Many of these studies involved MRI, but a few addressed CT, he said. As for clinical applications, stroke was well represented, along with brain tumors and dementia. It's difficult to predict where AI is going to go, however, and clinical adoption remains the main challenge, according to Wintermark.
"Right now, we have interesting research projects and the transition to the routine clinical practice still needs to happen," Wintermark said. "There are a few examples where this transition has happened, including some applications for stroke and multiple sclerosis. This is encouraging for the future. [However,] several important issues will need to be addressed, including very important ethical issues, for instance related to the diversity of the data."
More papers on AI topics will be presented this year in pediatric radiology at the RSNA meeting, according to Dr. Lynn Fordham, subcommittee chair for pediatric radiology.

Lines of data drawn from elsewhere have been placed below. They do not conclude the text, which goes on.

(* Let $(V,L,\varphi,E)$ be a valuation system. Suppose there exist a sublattice $C$ of $V$ and a valuation $\psi:C\to E$ such that $\psi$ extends $\varphi$ and $(V,C,\psi,E)$ is complete. Then there is a sublattice $\overline L$ of $V$ and a valuation $\overline\varphi:\overline L\to E$ such that $\overline\varphi$ extends $\varphi$, $(V,\overline L,\overline\varphi,E)$ is complete, and $\psi'$ extends $\overline\varphi$ for every sublattice $C'$ of $V$ and every valuation $\psi':C'\to E$ that extends $\varphi$ and for which $(V,C',\psi',E)$ is complete. Moreover, $\varphi$ is $\Pi_\xi$-extendible and $\overline\varphi=\Pi_\xi\varphi$ for some ordinal number $\xi$.
   Context: A valuation system $(V,L,\varphi,E)$ consists of: (i) a lattice $V$ which is $\sigma$-distributive, i.e. for every $a\in V$ and every sequence $(b_n)$ in $V$ whose infimum exists, $\bigwedge_n(a\vee b_n)$ exists and equals $a\vee\bigwedge_n b_n$, and dually whenever $\bigvee_n b_n$ exists, $\bigvee_n(a\wedge b_n)$ exists and equals $a\wedge\bigvee_n b_n$; (ii) a sublattice $L$ of $V$; (iii) a partially ordered abelian group $E$ which is R-complete: whenever $x_1\ge x_2\ge\cdots$ and $y_1\ge y_2\ge\cdots$ in $E$ are such that $\bigwedge_n(x_n+y_n)$ exists, then $\bigwedge_n x_n$ and $\bigwedge_n y_n$ exist, and dually for increasing sequences and suprema; (iv) a valuation $\varphi:L\to E$, i.e. an order-preserving map with $\varphi(a\wedge b)+\varphi(a\vee b)=\varphi(a)+\varphi(b)$. A map $\psi:C\to E$ extends $\varphi:L\to E$ if $L\subseteq C$ and $\psi|_L=\varphi$. A decreasing sequence $(a_n)$ in $L$ is $\varphi$-convergent if $\bigwedge_n a_n$ exists in $V$ and $\bigwedge_n\varphi(a_n)$ exists in $E$; an increasing sequence $(a_n)$ is $\varphi$-convergent if $\bigvee_n a_n$ exists in $V$ and $\bigvee_n\varphi(a_n)$ exists in $E$. The system is $\Pi$-complete if for every $\varphi$-convergent decreasing $(a_n)$ in $L$, $\bigwedge_n a_n\in L$ and $\varphi(\bigwedge_n a_n)=\bigwedge_n\varphi(a_n)$; $\Sigma$-complete dually with increasing sequences and suprema; complete if both. $\Pi L:=\{\bigwedge_n a_n:(a_n)\ \varphi\text{-convergent decreasing in }L\}$, and $\varphi$ is $\Pi$-extendible if there is a valuation $\Pi\varphi:\Pi L\to E$ with $\Pi\varphi(\bigwedge_n a_n)=\bigwedge_n\varphi(a_n)$ for all such sequences; $\Sigma L$, $\Sigma$-extendible and $\Sigma\varphi$ are defined dually. The hierarchy is defined by transfinite recursion: $\varphi$ is $\Pi_0$- and $\Sigma_0$-extendible with $\Pi_0\varphi=\Sigma_0\varphi=\varphi$ (on $\Pi_0L=\Sigma_0L=L$); $\varphi$ is $\Pi_{\alpha+1}$-extendible iff $\varphi$ is $\Sigma_\alpha$-extendible and $\Sigma_\alpha\varphi$ is $\Pi$-extendible, and then $\Pi_{\alpha+1}L=\Pi(\Sigma_\alpha L)$, $\Pi_{\alpha+1}\varphi=\Pi(\Sigma_\alpha\varphi)$; $\varphi$ is $\Sigma_{\alpha+1}$-extendible iff $\varphi$ is $\Pi_\alpha$-extendible and $\Pi_\alpha\varphi$ is $\Sigma$-extendible, and then $\Sigma_{\alpha+1}L=\Sigma(\Pi_\alpha L)$, $\Sigma_{\alpha+1}\varphi=\Sigma(\Pi_\alpha\varphi)$; for a limit ordinal $\lambda$, $\varphi$ is $\Pi_\lambda$-extendible iff it is $\Pi_\alpha$-extendible for all $\alpha<\lambda$, and then $\Pi_\lambda L=\bigcup_{\alpha<\lambda}\Pi_\alpha L$ and $\Pi_\lambda\varphi(c)=\Pi_\beta\varphi(c)$ for $c\in\Pi_\beta L$, $\beta<\lambda$; similarly for $\Sigma_\lambda$. *)

From HB Require Import structures.
From mathcomp Require Import all_boot all_order all_algebra.
Set Implicit Arguments. Unset Strict Implicit. Unset Printing Implicit Defensive.
Import Order.TTheory GRing.Theory Num.Theory.

(* Subsets of a type are predicates [T -> Prop]; a partial map [C -> E] on a
   subset [C] of [V] is represented by a total map [V -> E] of which only the
   values on [C] matter. *)

Section Orders.
Context {disp : Order.disp_t} {T : porderType disp}.
Local Open Scope order_scope.

Definition is_inf (a : nat -> T) (x : T) : Prop :=
  (forall n, x <= a n) /\ (forall y, (forall n, y <= a n) -> y <= x).
Definition is_sup (a : nat -> T) (x : T) : Prop :=
  (forall n, a n <= x) /\ (forall y, (forall n, a n <= y) -> x <= y).
Definition has_inf (a : nat -> T) : Prop := exists x, is_inf a x.
Definition has_sup (a : nat -> T) : Prop := exists x, is_sup a x.
Definition decreasing (a : nat -> T) : Prop := forall n, a n.+1 <= a n.
Definition increasing (a : nat -> T) : Prop := forall n, a n <= a n.+1.
End Orders.

Section Lattices.
Context {disp : Order.disp_t} {V : latticeType disp}.
Local Open Scope order_scope.

Definition sigma_distributive : Prop :=
  (forall (a : V) (b : nat -> V) (x : V), is_inf b x ->
      is_inf (fun n => a `|` b n) (a `|` x)) /\
  (forall (a : V) (b : nat -> V) (x : V), is_sup b x ->
      is_sup (fun n => a `&` b n) (a `&` x)).

Definition sublattice (L : V -> Prop) : Prop :=
  forall a b, L a -> L b -> L (a `&` b) /\ L (a `|` b).
End Lattices.

Section Groups.
Context {E : porderZmodType}.
Local Open Scope ring_scope.

Definition po_group : Prop := forall x y z : E, x <= y -> x + z <= y + z.

Definition R_complete : Prop :=
  (forall x y : nat -> E, decreasing x -> decreasing y ->
      has_inf (fun n => x n + y n) -> has_inf x /\ has_inf y) /\
  (forall x y : nat -> E, increasing x -> increasing y ->
      has_sup (fun n => x n + y n) -> has_sup x /\ has_sup y).
End Groups.

Section Valuations.
Context {disp : Order.disp_t} {V : latticeType disp} {E : porderZmodType}.

Definition valuation (L : V -> Prop) (phi : V -> E) : Prop :=
  (forall a b, L a -> L b -> (a <= b)%O -> (phi a <= phi b)%R) /\
  (forall a b, L a -> L b ->
     (phi (a `&` b)%O + phi (a `|` b)%O = phi a + phi b)%R).

Definition extends (L : V -> Prop) (phi : V -> E) (C : V -> Prop) (psi : V -> E)
  : Prop := (forall a, L a -> C a) /\ (forall a, L a -> psi a = phi a).

Definition conv_dec (L : V -> Prop) (phi : V -> E) (a : nat -> V) : Prop :=
  (forall n, L (a n)) /\ decreasing a /\ has_inf a /\ has_inf (fun n => phi (a n)).
Definition conv_inc (L : V -> Prop) (phi : V -> E) (a : nat -> V) : Prop :=
  (forall n, L (a n)) /\ increasing a /\ has_sup a /\ has_sup (fun n => phi (a n)).

Definition Pi_complete (L : V -> Prop) (phi : V -> E) : Prop :=
  forall a x e, conv_dec L phi a -> is_inf a x -> is_inf (fun n => phi (a n)) e ->
    L x /\ phi x = e.
Definition Sigma_complete (L : V -> Prop) (phi : V -> E) : Prop :=
  forall a x e, conv_inc L phi a -> is_sup a x -> is_sup (fun n => phi (a n)) e ->
    L x /\ phi x = e.
Definition complete (L : V -> Prop) (phi : V -> E) : Prop :=
  Pi_complete L phi /\ Sigma_complete L phi.

Definition PiL (L : V -> Prop) (phi : V -> E) : V -> Prop :=
  fun x => exists a, conv_dec L phi a /\ is_inf a x.
Definition SigmaL (L : V -> Prop) (phi : V -> E) : V -> Prop :=
  fun x => exists a, conv_inc L phi a /\ is_sup a x.

(* [PiExt L phi D f] : phi is Pi-extendible, with Pi L = D and
   Pi phi = f (on D). *)
Definition PiExt (L : V -> Prop) (phi : V -> E) (D : V -> Prop) (f : V -> E)
  : Prop :=
  (forall x, D x <-> PiL L phi x) /\ sublattice D /\ valuation D f /\
  (forall a x e, conv_dec L phi a -> is_inf a x ->
     is_inf (fun n => phi (a n)) e -> f x = e).
Definition SigmaExt (L : V -> Prop) (phi : V -> E) (D : V -> Prop) (f : V -> E)
  : Prop :=
  (forall x, D x <-> SigmaL L phi x) /\ sublattice D /\ valuation D f /\
  (forall a x e, conv_inc L phi a -> is_sup a x ->
     is_sup (fun n => phi (a n)) e -> f x = e).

AI tools show a lot of potential in pediatric radiology. For example, algorithms that can identify exams with significant pathology -- such as intracranial hemorrhage -- and elevate those studies to the top of a worklist can really improve workflow and patient care, said Fordham, a professor of radiology and division chief of pediatric imaging at the University of North Carolina. In addition, applications that can rapidly measure a region of interest can also enhance the workflow and quality of work for radiologists.

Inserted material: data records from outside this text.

(* [approx N] solves the first [N] equations; step [N+1] corrects [r_(N+1)] by the residual. *)
Fixpoint approx (N : nat) : nat -> R :=
  match N with
  | O => fun _ => 0
  | S N' => fun k => if (k =? S N')%nat
                     then approx N' (S N') + (Q (approx N') (S N') - q (S N'))
                     else approx N' k
  end.

Lemma approx_stable M N k : (N <= M)%nat -> (k <= N)%nat -> approx M k = approx N k.
Proof.
  revert N; induction M as [|M IH]; intros N h1 h2.
  - replace N with 0%nat by lia; reflexivity.
  - destruct (Nat.eq_dec N (S M)) as [->|hne]; [reflexivity|].
    simpl. rewrite (proj2 (Nat.eqb_neq k (S M))) by lia. apply IH; lia.
Qed.

Lemma approx_correct N i : (1 <= i)%nat -> (i <= N)%nat -> Q (approx N) i = q i.
Proof.
  revert i; induction N as [|N IH]; intros i h1 h2; [lia|].
  assert (below : forall k, (k < S N)%nat -> approx (S N) k = approx N k).
  { intros k hk. simpl. rewrite (proj2 (Nat.eqb_neq k (S N))) by lia. reflexivity. }
  destruct (Nat.eq_dec i (S N)) as [->|hne].
  - pose proof (Q_unitriangular (approx (S N)) (approx N) (S N) h1
                  (fun k _ hk => below k hk)) as h.
    assert (step : approx (S N) (S N) = approx N (S N) + (Q (approx N) (S N) - q (S N)))
      by (simpl; rewrite Nat.eqb_refl; reflexivity).
    lra.
  - rewrite (Q_local _ (approx N)) by (auto; intros; apply below; lia). apply IH; lia.
Qed.

Lemma unitriangular_solvable : exists r, forall i, (1 <= i)%nat -> Q r i = q i.
Proof.
  exists (fun k => approx k k). intros i hi.
  rewrite <- (approx_correct i i) by lia. apply Q_local; auto.
  intros k _ hk. symmetry; apply approx_stable; lia.
Qed.

Lemma unitriangular_unique r r' :
  (forall i, (1 <= i)%nat -> Q r i = q i) -> (forall i, (1 <= i)%nat -> Q r' i = q i) ->
  forall k, (1 <= k)%nat -> r' k = r k.
Proof.
  intros hr hr'. assert (H : forall N k, (1 <= k)%nat -> (k < N)%nat -> r' k = r k).
  { induction N as [|N IH]; intros k h1 h2; [lia|].
    pose proof (Q_unitriangular r r' k h1 (fun k' a b => eq_sym (IH k' a ltac:(lia)))) as h.
    rewrite hr, hr' in h by lia. lra. }
  intros k hk; apply (H (S k)); lia.
Qed.

End UnitriangularSystem.

(** The theorem: with [H_k = r_k g_k] and [g_k = 1/rho + O(1)], half (2) fixes the residues
    [r_k] from the [L^1]-coefficients, and half (1) extends the equality to all of [L]. *)

Theorem mainTheorem1 (s : Z) (F : nat -> nat -> R) (G : ser2)
  (g : nat -> nat -> R)
  (hform : DSE_form s G)
  (hsol : DSE_solution s F G)
  (hg : forall k, (1 <= k)%nat -> g k O = 1) :
  exists r : nat -> R,
    (forall i l, DSEsum G s F i l = DSEsum G s (fun k j => r k * g k j) i l) /\
    (forall r' : nat -> R,
       (forall i l, DSEsum G s F i l = DSEsum G s (fun k j => r' k * g k j) i l) ->
       forall k, (1 <= k)%nat -> r' k = r k).
Proof.
  set (Q := fun r i => DSEsum G s (fun k j => r k * g k j) i 1%nat).
  set (q := fun i => DSEsum G s F i 1%nat).
  assert (hQ : forall r r' i, (1 <= i)%nat ->
            (forall k, (1 <= k)%nat -> (k < i)%nat -> r k = r' k) ->
            Q r i - Q r' i = r' i - r i).
  { intros r r' i hi hr. unfold Q.
    rewrite (DSEsum_L1_unitriangular G s _ _ i hi).
    - rewrite hg by exact hi. ring.
    - intros k j hk1 hk2. rewrite hr by assumption. reflexivity. }
  destruct (unitriangular_solvable Q hQ q) as [r hr].
  exists r. split.
  - apply (DSEsum_determined_by_L1 s F G hform hsol). intros [|i]; [reflexivity|].
    symmetry. apply hr. lia.
  - intros r' hr'. apply (unitriangular_unique Q hQ q r r' hr).
    intros i _. unfold Q, q. rewrite hr'. reflexivity.
Qed.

"I like to think about differentials, and I like to think about the imaging manifestations of things, but I don't really have a lot of fun actually getting out my little calipers and measuring things," she said. "So AI tools that can measure things and can, in general, make the radiologist more able to spend time on high-yield things, like talking with patients about their results or spending extra time with a pediatric patient for a patient exam -- that's a much better way for me to spend my time."
In interventional radiology applications for AI, there's a trend among scientific papers at RSNA 2020 toward exploring the utility of AI for predicting treatment outcomes based on image analysis, according to Dr. Ronald Arellano, chair of the RSNA's vascular and interventional subcommittee and an associate professor of radiology at Massachusetts General Hospital.
For interventional radiologists, AI could wind up essentially as an equivalent of another lab test -- an additional set of data to help guide their clinical judgement, Arellano said.
"If we subject patients' imaging to an AI analysis and we get out a number or an analysis, we will then factor that into our decision-making, into our patient counseling, into our expectations of a treatment," Arellano said. "I see AI having that kind of a role in interventional radiology."
AI is a dominant topic among the physics papers being presented at RSNA 2020. These efforts have been driven largely by advances in computing power in recent years, said Jerome Liang, PhD, chair of the physics subcommittee and a professor of radiology, physics and astronomy, electrical and computer engineering, computer science, and biomedical engineering at Stony Brook University Hospital in Stony Brook, NY.
Specific AI applications in physics research include applying the technology for image reconstruction in MRI, as well as to a lesser extent in CT, Liang said.
"AI has most relevance in MRI because of the type of data that can be had," Liang said. "We're starting to see that AI can do a good job for image reconstruction in MRI. A similar trend would be seen for low-dose CT reconstruction, as well as spectral CT."
AI will also be discussed in a variety of applications to assist in image-based diagnosis, he said.